*Work task*: Write out, from the entries below, exactly the lines that run between the lines holding "rewrite (bigD1 t)" and "rewrite exchange_big /= in union.", inclusive, and stop there.

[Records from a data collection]
Lemma massart_exponential lam : 0 < lam ->
  lam * mean_X <= ln (#|T|%:R) + 2 * M ^+ 2 / m%:R * lam ^+ 2.
Proof.
move=> lam_gt0; set Q := 2 * lam ^+ 2 * M ^+ 2 / m%:R.
have [t0 Pt0 _] := X_le [ffun => false].
have T_gt0 : 0 < #|T|%:R :> R by rewrite ltr0n; apply/card_gt0P; exists t0.
have card_signs : #|{ffun 'I_m -> bool}| = (2 ^ m)%N.
  by rewrite card_ffun card_bool card_ord.
have jensen := @expR_mean_le _ (fun b : {ffun 'I_m -> bool} => lam * X b).
rewrite card_signs natrX expn_gt0 /= -mulr_sumr in jensen.
have union : \sum_(b : {ffun 'I_m -> bool}) expR (lam * X b) <=
    \sum_(b : {ffun 'I_m -> bool}) \sum_(t | P t)
      expR (lam * (m%:R^-1 * \sum_(i < m) (-1) ^+ (b i) * a t i)).
  apply: ler_sum => b _; have [t Pt Xb] := X_le b.
  rewrite (bigD1 t) //= -[X in X <= _]addr0 lerD //; last first.
    by apply: sumr_ge0 => *; exact: expR_ge0.
  by rewrite ler_expR ler_wpM2l // ltW.
have per_vector : \sum_(t | P t) (2 ^+ m)^-1 * \sum_(b : {ffun 'I_m -> bool})
    expR (lam * (m%:R^-1 * \sum_(i < m) (-1) ^+ (b i) * a t i))
    <= #|T|%:R * expR Q.
  apply: (@le_trans _ _ (\sum_(t : T) expR Q)); last by rewrite sumr_const mulr_natl.
  rewrite big_mkcond /=; apply: ler_sum => t _.
  case: ifP => Pt; last exact: expR_ge0.
  by apply: rademacher_mgf_le => //; [exact: ltW | move=> i; exact: a_le].
have mgf : expR (lam * mean_X) <= #|T|%:R * expR Q.
  have -> : lam * mean_X = (2 ^+ m)^-1 * (lam * \sum_b X b) by rewrite /mean_X; ring.
  apply: (le_trans (jensen isT)); apply: le_trans per_vector.
  rewrite exchange_big /= in union.
  by rewrite -mulr_sumr ler_wpM2l // invr_ge0 exprn_ge0.
rewrite -[lam * mean_X]expRK.
apply: (@le_trans _ _ (ln (#|T|%:R * expR Q))).
  by rewrite ler_ln ?posrE ?mulr_gt0 ?expR_gt0.
rewrite lnM ?posrE ?expR_gt0 // expRK lerD2l /Q.
by rewrite le_eqVlt; apply/orP; left; apply/eqP; ring.
Qed.

Lemma massart (L : R) : ln (#|T|%:R) <= L -> 0 < L ->
  mean_X <= 2 * M * Num.sqrt (2 * L / m%:R).
Proof.
move=> card_le L_gt0.
have [t0 Pt0 _] := X_le [ffun => false].
have M_ge0 : 0 <= M by apply: le_trans (a_le (Ordinal m_gt0) Pt0).
have m_gt0R : 0 < m%:R :> R by rewrite ltr0n.
have K_ge0 : 0 <= 2 * M ^+ 2 / m%:R by rewrite divr_ge0 ?mulr_ge0 ?sqr_ge0.
have := @le_optimized_linear mean_X L _ L_gt0 K_ge0.
have -> : L * (2 * M ^+ 2 / m%:R) = M ^+ 2 * (2 * L / m%:R) by ring.
rewrite sqrtrM ?sqr_ge0 // sqrtr_sqr ger0_norm // mulrA; apply=> lam lam_gt0.
by apply: le_trans (massart_exponential lam_gt0) _; rewrite lerD2r.
Qed.

End FiniteClass.
End Massart.

Lemma rademacher_finite_class (R : realType) (D : Type) (m : nat)
    (S : 'I_m -> D) (T : finType) (f : T -> D -> R) (G : set (D -> R)) (M L : R) :
  (0 < m)%N -> G !=set0 -> G `<=` range f ->
  (forall g i, G g -> `|g (S i)| <= M) ->
  ln (#|T|%:R) <= L -> 0 < L ->
  rademacher S G <= 2 * M * Num.sqrt (2 * L / m%:R).
Proof.
move=> m_gt0 [g0 Gg0] G_sub g_le card_le L_gt0.
have [t0 _ ft0] := G_sub g0 Gg0.
pose P : pred T := fun t => `[< G (f t) >].
pose corr (g : D -> R) (b : {ffun 'I_m -> bool}) :=
  m%:R^-1 * \sum_(i < m) (-1) ^+ (b i) * g (S i).
have Pt0 : P t0 by apply/asboolP; rewrite ft0.
apply: (massart (P := P) (a := fun t i => f t (S i))
          (X := fun b => sup [set corr g b | g in G])) => //.
  by move=> t i /asboolP; exact: g_le.
move=> b; have [t_best P_best best_max] := arg_maxP (fun t => corr (f t) b) Pt0.
exists t_best => //; apply: ge_sup; first by exists (corr g0 b), g0.
move=> _ [g Gg <-]; have [t _ ft] := G_sub g Gg.
by rewrite -ft; apply: best_max; apply/asboolP; rewrite ft.
Qed.

Section Encoding.
Variables (R : realType) (n : nat).

Definition gate_bit (g : gate n) (x : basis n) : bool :=
  match g with
  | GZ i => x i
  | GCZ i j => x i && x j
  | GCCZ i j l => [&& x i, x j & x l]
  end.

Lemma gphaseE (g : gate n) (x : basis n) : gphase R g x = (-1) ^+ gate_bit g x.
Proof. by case: g. Qed.

Definition circ_parity (gs : seq (gate n)) (x : basis n) : bool :=
  foldr (fun g b => gate_bit g x (+) b) false gs.

Lemma circE (gs : seq (gate n)) (x y : basis n) :
  circ R gs x y = (x == y)%:R * (-1) ^+ circ_parity gs x.
Proof.
elim: gs x y => [|g gs IH] x y /=; first by rewrite /idop mulr1.
rewrite /mmul (bigD1 x) //= big1 => [|z /negbTE z_neq]; last first.
  by rewrite /gmat eq_sym z_neq !mul0r.
by rewrite addr0 /gmat eqxx mul1r IH gphaseE signr_addb; ring.
Qed.

(* Quadratic part: a coefficient for each monomial x_i x_j (x_i x_i = x_i
   accounts for the Z gates). *)
Definition quad_form (c : {ffun 'I_n * 'I_n -> bool}) (x : basis n) : bool :=
  \big[addb/false]_(p : 'I_n * 'I_n) (c p && (x p.1 && x p.2)).

Definition flip_coef (c : {ffun 'I_n * 'I_n -> bool}) (p : 'I_n * 'I_n) :=
  [ffun q => c q (+) (q == p)].

Lemma quad_form0 (x : basis n) : quad_form [ffun => false] x = false.
Proof. by rewrite /quad_form big1 // => p _; rewrite ffunE. Qed.

Lemma quad_form_flip c p (x : basis n) :
  quad_form (flip_coef c p) x = (x p.1 && x p.2) (+) quad_form c x.
Proof.
rewrite /quad_form (eq_bigr (fun q => (c q && (x q.1 && x q.2))
                                  (+) ((q == p) && (x q.1 && x q.2)))); last first.
  by move=> q _; rewrite ffunE; case: (c q); case: (q == p); case: (x q.1 && x q.2).
by rewrite big_split /= addbC (bigD1 p) //= eqxx big1 ?addbF // => q /negbTE ->.
Qed.

Definition quad_coefs (gs : seq (gate n)) : {ffun 'I_n * 'I_n -> bool} :=
  foldr (fun g c => match g with
                    | GZ i => flip_coef c (i, i)
                    | GCZ i j => flip_coef c (i, j)
                    | GCCZ _ _ _ => c
                    end) [ffun => false] gs.

Definition triple := ('I_n * 'I_n * 'I_n)%type.
Definition ccz_triple (g : gate n) : option triple :=
  if g is GCCZ i j l then Some (i, j, l) else None.
Definition cubic_monomial (t : triple) (x : basis n) : bool :=
  [&& x t.1.1, x t.1.2 & x t.2].
Definition cubic_parity (ts : seq triple) (x : basis n) : bool :=
  foldr (fun t b => cubic_monomial t x (+) b) false ts.

Lemma circ_parity_split (gs : seq (gate n)) (x : basis n) :
  circ_parity gs x = quad_form (quad_coefs gs) x (+) cubic_parity (pmap ccz_triple gs) x.
Proof.
elim: gs => [|g gs IH] /=; first by rewrite quad_form0.
case: g => [i|i j|i j l] /=; rewrite ?quad_form_flip /= ?andbb IH.
- exact: addbA.
- exact: addbA.
- by rewrite /cubic_monomial addbCA.
Qed.

Lemma size_ccz_triples (gs : seq (gate n)) :
  size (pmap ccz_triple gs) = count (@is_ccz n) gs.
Proof. by elim: gs => [|g gs IH] //; case: g => * /=; rewrite IH. Qed.

(* With at most k CCZ gates the cubic part fits into k optional slots. *)
Definition slot_monomial (o : option triple) (x : basis n) : bool :=
  if o is Some t then cubic_monomial t x else false.
Definition cubic_form (k : nat) (c : {ffun 'I_k -> option triple}) (x : basis n) :=
  \big[addb/false]_(s < k) slot_monomial (c s) x.
Definition cubic_coefs (k : nat) (ts : seq triple) : {ffun 'I_k -> option triple} :=
  [ffun s : 'I_k => nth None (map Some ts) s].

Lemma cubic_form_coefs (k : nat) (ts : seq triple) (x : basis n) :
  (size ts <= k)%N -> cubic_form (cubic_coefs k ts) x = cubic_parity ts x.
Proof.
elim: ts k => [|t ts IH] k /=.
  by move=> _; rewrite /cubic_form big1 // => s _; rewrite ffunE nth_nil.
case: k => [//|k] size_le.
rewrite /cubic_form big_ord_recl ffunE /=; congr (_ (+) _).
by rewrite -(IH k size_le); apply: eq_bigr => s _; rewrite !ffunE.
Qed.

Definition phase_code (k : nat) :=
  ({ffun 'I_n * 'I_n -> bool} * {ffun 'I_k -> option triple})%type.
Definition code_diag (k : nat) (c : phase_code k) : op R n :=
  fun x y => (x == y)%:R * (-1) ^+ (quad_form c.1 x (+) cubic_form c.2 x).
Definition code_fun (k : nat) (c : phase_code k) : basis n * basis n -> R :=
  fPhi (uchan (mmul (mmul (@hadn R n) (code_diag c)) (@hadn R n))).
Definition code_of (k : nat) (gs : seq (gate n)) : phase_code k :=
  (quad_coefs gs, cubic_coefs k (pmap ccz_triple gs)).

Lemma circ_code (k : nat) (gs : seq (gate n)) :
  (count (@is_ccz n) gs <= k)%N -> circ R gs = code_diag (code_of k gs).
Proof.
move=> count_le; apply/funext => x; apply/funext => y.
by rewrite circE /code_diag /= circ_parity_split cubic_form_coefs // size_ccz_triples.
Qed.

Lemma Fset_I_CCZ_sub (k : nat) : Fset (I_CCZ k) `<=` range (@code_fun k).
Proof.
move=> _ [_ [gs [_ count_le ->]] ->]; exists (code_of k gs) => //.
by rewrite /code_fun (circ_code count_le).
Qed.

Lemma card_code (k : nat) :
  #|{: phase_code k}| = (2 ^ (n * n) * (n * n * n).+1 ^ k)%N.
Proof. by rewrite card_prod !card_ffun card_bool card_option !card_prod !card_ord. Qed.

End Encoding.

*Finished exercise*:
  rewrite (bigD1 t) //= -[X in X <= _]addr0 lerD //; last first.
    by apply: sumr_ge0 => *; exact: expR_ge0.
  by rewrite ler_expR ler_wpM2l // ltW.
have per_vector : \sum_(t | P t) (2 ^+ m)^-1 * \sum_(b : {ffun 'I_m -> bool})
    expR (lam * (m%:R^-1 * \sum_(i < m) (-1) ^+ (b i) * a t i))
    <= #|T|%:R * expR Q.
  apply: (@le_trans _ _ (\sum_(t : T) expR Q)); last by rewrite sumr_const mulr_natl.
  rewrite big_mkcond /=; apply: ler_sum => t _.
  case: ifP => Pt; last exact: expR_ge0.
  by apply: rademacher_mgf_le => //; [exact: ltW | move=> i; exact: a_le].
have mgf : expR (lam * mean_X) <= #|T|%:R * expR Q.
  have -> : lam * mean_X = (2 ^+ m)^-1 * (lam * \sum_b X b) by rewrite /mean_X; ring.
  apply: (le_trans (jensen isT)); apply: le_trans per_vector.
  rewrite exchange_big /= in union.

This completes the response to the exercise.